▶ [Task statement]:
Your task is to copy every line below that contains the word "else".

▶ [Data extract]:

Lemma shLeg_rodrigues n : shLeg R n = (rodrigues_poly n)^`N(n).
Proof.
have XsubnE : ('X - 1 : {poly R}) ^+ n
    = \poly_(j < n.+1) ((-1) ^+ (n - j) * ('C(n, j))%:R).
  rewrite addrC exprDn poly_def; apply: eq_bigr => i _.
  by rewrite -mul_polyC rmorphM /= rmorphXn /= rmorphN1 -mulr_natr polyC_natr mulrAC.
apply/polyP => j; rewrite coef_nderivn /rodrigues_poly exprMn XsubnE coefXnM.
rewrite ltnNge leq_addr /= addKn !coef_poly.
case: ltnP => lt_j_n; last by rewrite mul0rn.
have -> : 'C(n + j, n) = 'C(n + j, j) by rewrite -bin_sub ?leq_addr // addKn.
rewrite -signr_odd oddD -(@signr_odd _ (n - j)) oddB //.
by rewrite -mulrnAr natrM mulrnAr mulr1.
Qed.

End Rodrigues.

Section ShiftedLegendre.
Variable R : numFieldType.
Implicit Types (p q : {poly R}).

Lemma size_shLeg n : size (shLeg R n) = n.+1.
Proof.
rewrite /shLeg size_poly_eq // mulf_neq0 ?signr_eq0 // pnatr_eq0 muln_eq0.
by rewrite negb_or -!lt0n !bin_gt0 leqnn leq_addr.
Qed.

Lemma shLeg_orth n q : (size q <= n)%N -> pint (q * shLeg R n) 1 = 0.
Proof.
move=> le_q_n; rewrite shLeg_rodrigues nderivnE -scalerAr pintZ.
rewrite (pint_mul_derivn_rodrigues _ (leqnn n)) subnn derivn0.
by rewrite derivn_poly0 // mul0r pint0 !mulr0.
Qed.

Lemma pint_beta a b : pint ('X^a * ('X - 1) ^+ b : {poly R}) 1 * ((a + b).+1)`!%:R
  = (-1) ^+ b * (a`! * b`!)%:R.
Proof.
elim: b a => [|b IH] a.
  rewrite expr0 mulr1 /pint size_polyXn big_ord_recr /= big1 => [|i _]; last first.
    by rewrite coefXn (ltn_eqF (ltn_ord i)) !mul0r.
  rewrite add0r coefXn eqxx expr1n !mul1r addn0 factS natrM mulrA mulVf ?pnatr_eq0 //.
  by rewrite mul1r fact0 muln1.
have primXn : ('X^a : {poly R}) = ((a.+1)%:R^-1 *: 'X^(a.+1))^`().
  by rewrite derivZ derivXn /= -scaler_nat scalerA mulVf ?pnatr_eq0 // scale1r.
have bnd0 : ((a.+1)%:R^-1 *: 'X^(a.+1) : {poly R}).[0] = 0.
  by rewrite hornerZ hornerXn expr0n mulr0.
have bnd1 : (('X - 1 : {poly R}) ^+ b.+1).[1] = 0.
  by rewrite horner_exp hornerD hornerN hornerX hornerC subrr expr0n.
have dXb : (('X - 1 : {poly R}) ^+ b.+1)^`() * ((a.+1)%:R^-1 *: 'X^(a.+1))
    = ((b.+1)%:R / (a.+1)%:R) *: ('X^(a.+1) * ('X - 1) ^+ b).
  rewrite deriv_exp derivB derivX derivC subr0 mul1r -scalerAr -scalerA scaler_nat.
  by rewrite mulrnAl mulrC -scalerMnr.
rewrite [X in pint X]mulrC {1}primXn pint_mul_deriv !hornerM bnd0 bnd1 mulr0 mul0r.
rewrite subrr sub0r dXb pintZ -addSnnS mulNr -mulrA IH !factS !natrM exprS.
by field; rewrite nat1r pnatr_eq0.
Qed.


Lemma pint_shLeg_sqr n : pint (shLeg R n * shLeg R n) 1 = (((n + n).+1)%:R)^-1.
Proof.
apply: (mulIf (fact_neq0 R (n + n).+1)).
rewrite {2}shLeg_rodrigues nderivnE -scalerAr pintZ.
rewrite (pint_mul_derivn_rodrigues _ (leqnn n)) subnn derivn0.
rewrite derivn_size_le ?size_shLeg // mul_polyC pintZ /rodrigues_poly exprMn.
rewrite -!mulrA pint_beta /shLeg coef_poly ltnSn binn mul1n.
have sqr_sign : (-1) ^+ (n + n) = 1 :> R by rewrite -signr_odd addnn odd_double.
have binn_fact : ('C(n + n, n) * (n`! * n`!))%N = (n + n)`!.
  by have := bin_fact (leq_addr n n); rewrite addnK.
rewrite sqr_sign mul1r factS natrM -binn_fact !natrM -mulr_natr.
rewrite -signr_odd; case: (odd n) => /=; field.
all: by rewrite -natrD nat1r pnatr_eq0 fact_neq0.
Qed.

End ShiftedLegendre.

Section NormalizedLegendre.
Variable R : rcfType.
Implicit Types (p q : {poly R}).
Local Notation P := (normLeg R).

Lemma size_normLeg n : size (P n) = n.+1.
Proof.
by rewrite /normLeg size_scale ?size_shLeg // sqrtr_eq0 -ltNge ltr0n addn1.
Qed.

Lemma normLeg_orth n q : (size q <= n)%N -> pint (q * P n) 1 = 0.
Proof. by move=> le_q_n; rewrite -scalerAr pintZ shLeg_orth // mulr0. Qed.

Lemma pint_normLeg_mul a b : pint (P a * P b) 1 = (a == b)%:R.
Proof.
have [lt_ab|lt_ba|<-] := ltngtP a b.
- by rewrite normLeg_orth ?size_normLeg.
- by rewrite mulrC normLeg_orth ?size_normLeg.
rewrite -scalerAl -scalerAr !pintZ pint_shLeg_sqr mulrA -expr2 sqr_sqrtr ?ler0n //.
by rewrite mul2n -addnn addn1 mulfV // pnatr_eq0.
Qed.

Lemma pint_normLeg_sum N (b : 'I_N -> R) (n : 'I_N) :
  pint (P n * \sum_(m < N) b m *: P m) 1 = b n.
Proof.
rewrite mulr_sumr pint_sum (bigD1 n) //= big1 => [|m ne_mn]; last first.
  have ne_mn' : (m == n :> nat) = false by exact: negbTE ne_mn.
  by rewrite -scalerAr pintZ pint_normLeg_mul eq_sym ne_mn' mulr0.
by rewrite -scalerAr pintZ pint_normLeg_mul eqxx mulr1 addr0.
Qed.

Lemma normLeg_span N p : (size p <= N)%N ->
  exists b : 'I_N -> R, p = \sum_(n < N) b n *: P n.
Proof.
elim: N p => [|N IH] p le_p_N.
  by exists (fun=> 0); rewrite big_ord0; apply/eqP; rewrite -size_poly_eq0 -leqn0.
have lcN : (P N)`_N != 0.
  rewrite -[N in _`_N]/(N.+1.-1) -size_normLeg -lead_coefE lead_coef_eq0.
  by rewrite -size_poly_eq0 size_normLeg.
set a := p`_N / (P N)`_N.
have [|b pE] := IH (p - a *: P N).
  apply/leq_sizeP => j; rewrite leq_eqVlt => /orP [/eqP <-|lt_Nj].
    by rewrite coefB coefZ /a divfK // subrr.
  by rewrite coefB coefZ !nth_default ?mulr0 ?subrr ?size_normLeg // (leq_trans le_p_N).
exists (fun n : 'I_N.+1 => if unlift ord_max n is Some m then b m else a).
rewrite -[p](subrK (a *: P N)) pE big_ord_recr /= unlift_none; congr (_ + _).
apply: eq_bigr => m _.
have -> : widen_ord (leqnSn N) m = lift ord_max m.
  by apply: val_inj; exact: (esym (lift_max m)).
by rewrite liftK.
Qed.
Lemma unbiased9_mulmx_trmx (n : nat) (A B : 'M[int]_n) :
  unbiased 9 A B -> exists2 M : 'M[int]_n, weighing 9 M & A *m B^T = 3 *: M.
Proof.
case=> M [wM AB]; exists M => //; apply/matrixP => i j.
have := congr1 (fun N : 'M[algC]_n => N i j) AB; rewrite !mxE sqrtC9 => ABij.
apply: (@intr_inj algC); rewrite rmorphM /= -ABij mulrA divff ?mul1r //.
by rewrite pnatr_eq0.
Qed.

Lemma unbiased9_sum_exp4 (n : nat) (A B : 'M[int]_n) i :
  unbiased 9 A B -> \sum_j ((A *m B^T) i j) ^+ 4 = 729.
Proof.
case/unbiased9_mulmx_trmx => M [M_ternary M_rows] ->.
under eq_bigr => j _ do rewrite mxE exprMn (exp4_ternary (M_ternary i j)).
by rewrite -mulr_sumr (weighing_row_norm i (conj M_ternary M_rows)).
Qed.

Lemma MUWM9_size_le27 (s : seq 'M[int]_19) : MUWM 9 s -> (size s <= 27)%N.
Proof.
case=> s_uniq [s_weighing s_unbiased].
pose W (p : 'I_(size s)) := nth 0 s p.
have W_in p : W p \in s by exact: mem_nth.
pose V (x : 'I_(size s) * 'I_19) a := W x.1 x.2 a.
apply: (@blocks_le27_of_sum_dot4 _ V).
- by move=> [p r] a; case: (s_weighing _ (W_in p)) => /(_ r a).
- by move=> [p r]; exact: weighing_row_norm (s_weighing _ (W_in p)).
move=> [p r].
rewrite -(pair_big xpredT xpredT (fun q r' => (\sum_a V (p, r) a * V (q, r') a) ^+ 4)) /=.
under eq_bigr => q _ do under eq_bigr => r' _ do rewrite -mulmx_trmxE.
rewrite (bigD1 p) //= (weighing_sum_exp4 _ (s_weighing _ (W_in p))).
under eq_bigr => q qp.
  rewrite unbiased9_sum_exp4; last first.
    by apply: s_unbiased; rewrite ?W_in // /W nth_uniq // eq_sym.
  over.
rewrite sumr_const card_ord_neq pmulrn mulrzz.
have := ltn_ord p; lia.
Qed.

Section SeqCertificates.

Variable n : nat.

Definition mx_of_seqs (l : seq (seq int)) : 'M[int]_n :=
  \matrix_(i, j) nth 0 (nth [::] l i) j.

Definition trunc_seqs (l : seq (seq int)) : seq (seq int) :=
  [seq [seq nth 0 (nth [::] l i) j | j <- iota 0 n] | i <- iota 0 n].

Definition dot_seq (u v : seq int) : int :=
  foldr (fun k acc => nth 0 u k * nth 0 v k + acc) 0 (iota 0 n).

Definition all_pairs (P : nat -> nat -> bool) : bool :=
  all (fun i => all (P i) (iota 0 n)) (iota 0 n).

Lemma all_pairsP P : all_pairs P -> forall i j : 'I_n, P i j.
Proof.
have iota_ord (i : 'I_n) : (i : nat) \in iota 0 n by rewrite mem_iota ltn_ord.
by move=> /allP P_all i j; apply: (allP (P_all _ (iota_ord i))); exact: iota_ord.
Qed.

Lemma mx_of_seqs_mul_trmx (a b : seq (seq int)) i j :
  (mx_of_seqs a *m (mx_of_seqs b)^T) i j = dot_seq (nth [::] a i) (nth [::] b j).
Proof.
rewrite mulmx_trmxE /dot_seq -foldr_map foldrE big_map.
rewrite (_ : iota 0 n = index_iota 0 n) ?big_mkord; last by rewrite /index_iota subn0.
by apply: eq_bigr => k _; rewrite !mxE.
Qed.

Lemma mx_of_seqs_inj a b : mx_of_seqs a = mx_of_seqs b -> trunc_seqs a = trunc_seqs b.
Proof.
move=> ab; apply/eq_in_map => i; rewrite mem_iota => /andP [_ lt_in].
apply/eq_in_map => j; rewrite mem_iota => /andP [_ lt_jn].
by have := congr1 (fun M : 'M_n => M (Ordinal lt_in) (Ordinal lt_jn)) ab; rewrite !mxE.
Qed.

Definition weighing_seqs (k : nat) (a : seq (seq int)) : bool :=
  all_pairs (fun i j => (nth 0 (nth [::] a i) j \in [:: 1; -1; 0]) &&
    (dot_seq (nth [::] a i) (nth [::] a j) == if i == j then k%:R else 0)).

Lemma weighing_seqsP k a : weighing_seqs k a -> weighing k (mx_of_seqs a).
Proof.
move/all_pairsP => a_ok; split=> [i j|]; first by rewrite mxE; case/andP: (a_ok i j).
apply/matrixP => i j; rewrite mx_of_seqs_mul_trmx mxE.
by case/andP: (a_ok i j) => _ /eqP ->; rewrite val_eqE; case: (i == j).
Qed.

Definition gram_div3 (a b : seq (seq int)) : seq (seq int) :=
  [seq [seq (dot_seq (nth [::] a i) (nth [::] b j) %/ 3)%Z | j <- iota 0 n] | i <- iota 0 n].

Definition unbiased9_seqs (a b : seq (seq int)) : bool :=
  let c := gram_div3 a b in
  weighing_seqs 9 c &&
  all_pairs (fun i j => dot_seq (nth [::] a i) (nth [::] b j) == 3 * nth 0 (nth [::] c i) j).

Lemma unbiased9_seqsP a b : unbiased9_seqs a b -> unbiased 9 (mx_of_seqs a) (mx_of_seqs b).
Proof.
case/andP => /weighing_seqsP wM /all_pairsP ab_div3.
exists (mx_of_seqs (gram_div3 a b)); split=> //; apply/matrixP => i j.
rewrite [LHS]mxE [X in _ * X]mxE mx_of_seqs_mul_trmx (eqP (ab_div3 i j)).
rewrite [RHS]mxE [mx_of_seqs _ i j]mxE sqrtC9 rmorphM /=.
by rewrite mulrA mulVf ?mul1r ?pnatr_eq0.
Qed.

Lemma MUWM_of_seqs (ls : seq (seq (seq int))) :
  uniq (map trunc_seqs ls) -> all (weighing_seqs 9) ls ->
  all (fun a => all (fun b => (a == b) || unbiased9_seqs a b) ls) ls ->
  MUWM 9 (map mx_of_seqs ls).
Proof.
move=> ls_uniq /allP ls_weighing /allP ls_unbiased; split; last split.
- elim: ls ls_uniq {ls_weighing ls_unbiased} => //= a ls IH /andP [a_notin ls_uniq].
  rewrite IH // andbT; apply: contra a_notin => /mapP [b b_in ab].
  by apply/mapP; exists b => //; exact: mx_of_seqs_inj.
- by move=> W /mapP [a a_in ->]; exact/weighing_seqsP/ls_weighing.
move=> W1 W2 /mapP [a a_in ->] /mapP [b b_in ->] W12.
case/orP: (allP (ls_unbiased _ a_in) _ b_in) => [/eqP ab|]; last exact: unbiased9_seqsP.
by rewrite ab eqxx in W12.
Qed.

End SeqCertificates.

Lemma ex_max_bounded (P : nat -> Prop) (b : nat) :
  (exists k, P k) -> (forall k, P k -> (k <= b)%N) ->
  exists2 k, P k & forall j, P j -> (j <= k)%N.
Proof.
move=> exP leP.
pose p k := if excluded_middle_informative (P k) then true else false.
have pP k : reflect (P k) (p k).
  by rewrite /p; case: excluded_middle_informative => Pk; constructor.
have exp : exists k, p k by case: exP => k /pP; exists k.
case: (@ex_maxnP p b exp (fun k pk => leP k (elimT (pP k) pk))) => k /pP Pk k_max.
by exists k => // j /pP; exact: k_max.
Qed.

▶ [Task answer]:
exists (fun n : 'I_N.+1 => if unlift ord_max n is Some m then b m else a).
    (dot_seq (nth [::] a i) (nth [::] a j) == if i == j then k%:R else 0)).
pose p k := if excluded_middle_informative (P k) then true else false.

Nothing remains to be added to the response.